Лорел листала страницы и видела собственные снимки: крошка Лорел спит в кроватке у стены, расписанной звездами и феями; насупившись, сидит на руках у матери; бодро топает по мелководью, уверенно направляясь к тому моменту, когда пересказы уступают место воспоминаниям. Лорел перевернула страницу, выпуская на волю шумных сестер. Ее первые сознательные воспоминания были связаны с их появлением. Вот они ковыляют в высокой траве, вот машут из окна домика на дереве, а вот выстроились в ряд на фоне «Зеленого лога», причесанные и принаряженные для какого-то давно забытого похода в гости.

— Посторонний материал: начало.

(* Let $F\langle X\rangle$ be an MN-algebra and let $A$ be a PI-algebra. If the completion $C\left(F\langle X\rangle/Id(A)\right)$ of the quotient normed algebra $F\langle X\rangle/Id(A)$ (with the quotient norm $\|f+Id(A)\|=\inf\{\|f+g\|: g\in Id(A)\}$) is nil, then $A$ is nilpotent.
   Context: All algebras are non-unitary associative over $F\in\{\mathbb{R},\mathbb{C}\}$. A normed algebra has a norm with $\|ab\|\le\|a\|\|b\|$; $C(B)$ denotes its completion. $F\langle X\rangle$ is the free non-unitary associative algebra over $F$ on $X=\{x_1,x_2,\dots\}$. For $f=f(x_1,\dots,x_n)$, $f^{(d_1,\dots,d_n)}$ denotes its multihomogeneous component of multidegree $(d_1,\dots,d_n)$ (the sum of terms whose monomials contain each $x_i$ exactly $d_i$ times). A norm on $F\langle X\rangle$ is multihomogeneous if $\|f^{(d_1,\dots,d_n)}\|\le\|f\|$ for all $f$ and all multidegrees; $F\langle X\rangle$ is an MN-algebra if it is a normed algebra for a multihomogeneous norm. $Id(A)$ is the set of polynomial identities of $A$ (polynomials $f$ with $f(a_1,\dots,a_m)=0$ for all $a_i\in A$); $A$ is PI if $Id(A)\ne\{0\}$. In this setting $Id(A)$ is a closed ideal so the quotient norm makes $F\langle X\rangle/Id(A)$ a normed algebra. Nil: every element nilpotent; nilpotent: all products of some fixed length $n$ vanish. *)

From HB Require Import structures.
From mathcomp Require Import all_boot all_algebra.
From mathcomp Require Import reals.
From mathcomp Require Import complex.
From mathcomp Require Import monalg.

Set Implicit Arguments.
Unset Strict Implicit.
Unset Printing Implicit Defensive.

Import GRing.Theory Num.Theory.
Local Open Scope ring_scope.

(* The free associative algebra over F on X = {x_0, x_1, ...}.
   {malg F[{fmonom nat}]} is the (unital) free algebra F<X>^# : the monoid
   algebra of the free monoid of words over nat.  The free NON-unitary
   algebra F<X> is the subalgebra of elements with zero constant term. *)
Section FreeAlgebra.
Variable F : numFieldType.

Definition word := {fmonom nat}.
Definition FXu := {malg F[word]}.

Definition in_FX (f : FXu) : Prop := mcoeff (@mone word) f = 0.

Definition has_multideg (d : seq nat) (w : word) : bool :=
  all (fun x => x < size d)%N (w : seq nat) &&
  all (fun i => count_mem i (w : seq nat) == nth 0%N d i) (iota 0 (size d)).

Definition mhcomp (d : seq nat) (f : FXu) : FXu :=
  [malg w in msupp f => if has_multideg d w then f@_w else 0].

Definition MN_norm (nrm : FXu -> F) : Prop :=
  [/\ (forall f, in_FX f -> 0 <= nrm f /\ (nrm f = 0 -> f = 0)),
      (forall f g, in_FX f -> in_FX g -> nrm (f + g) <= nrm f + nrm g),
      (forall (c : F) f, in_FX f -> nrm (c *: f) = `|c| * nrm f) &
      (forall f g, in_FX f -> in_FX g -> nrm (f * g) <= nrm f * nrm g)] /\
  (forall f (d : seq nat), in_FX f -> nrm (mhcomp d f) <= nrm f).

После рождения сестер ночные страхи Лорел ушли. Вернее, им на смену пришли новые. Больше она не боялась нашествия зомби, чудовищ или сказочных существ, живущих в буфете. Лорел снились высокие приливы, конец света, войны, и всегда ей приходилось заботиться о младших сестрах в одиночку. Она крепко запомнила слова, которые однажды сказала ей мама: «Приглядывай за сестрами. Ты старшая, ты за них отвечаешь». Гораздо позже до Лорел дошло, что за маминым наставлением скрывалась давняя боль – наверняка она вспоминала младшего брата, погибшего при бомбежке. Детям свойственно зацикливаться на себе, особенно детям из благополучных семей. А Николсоны были образцовым семейством.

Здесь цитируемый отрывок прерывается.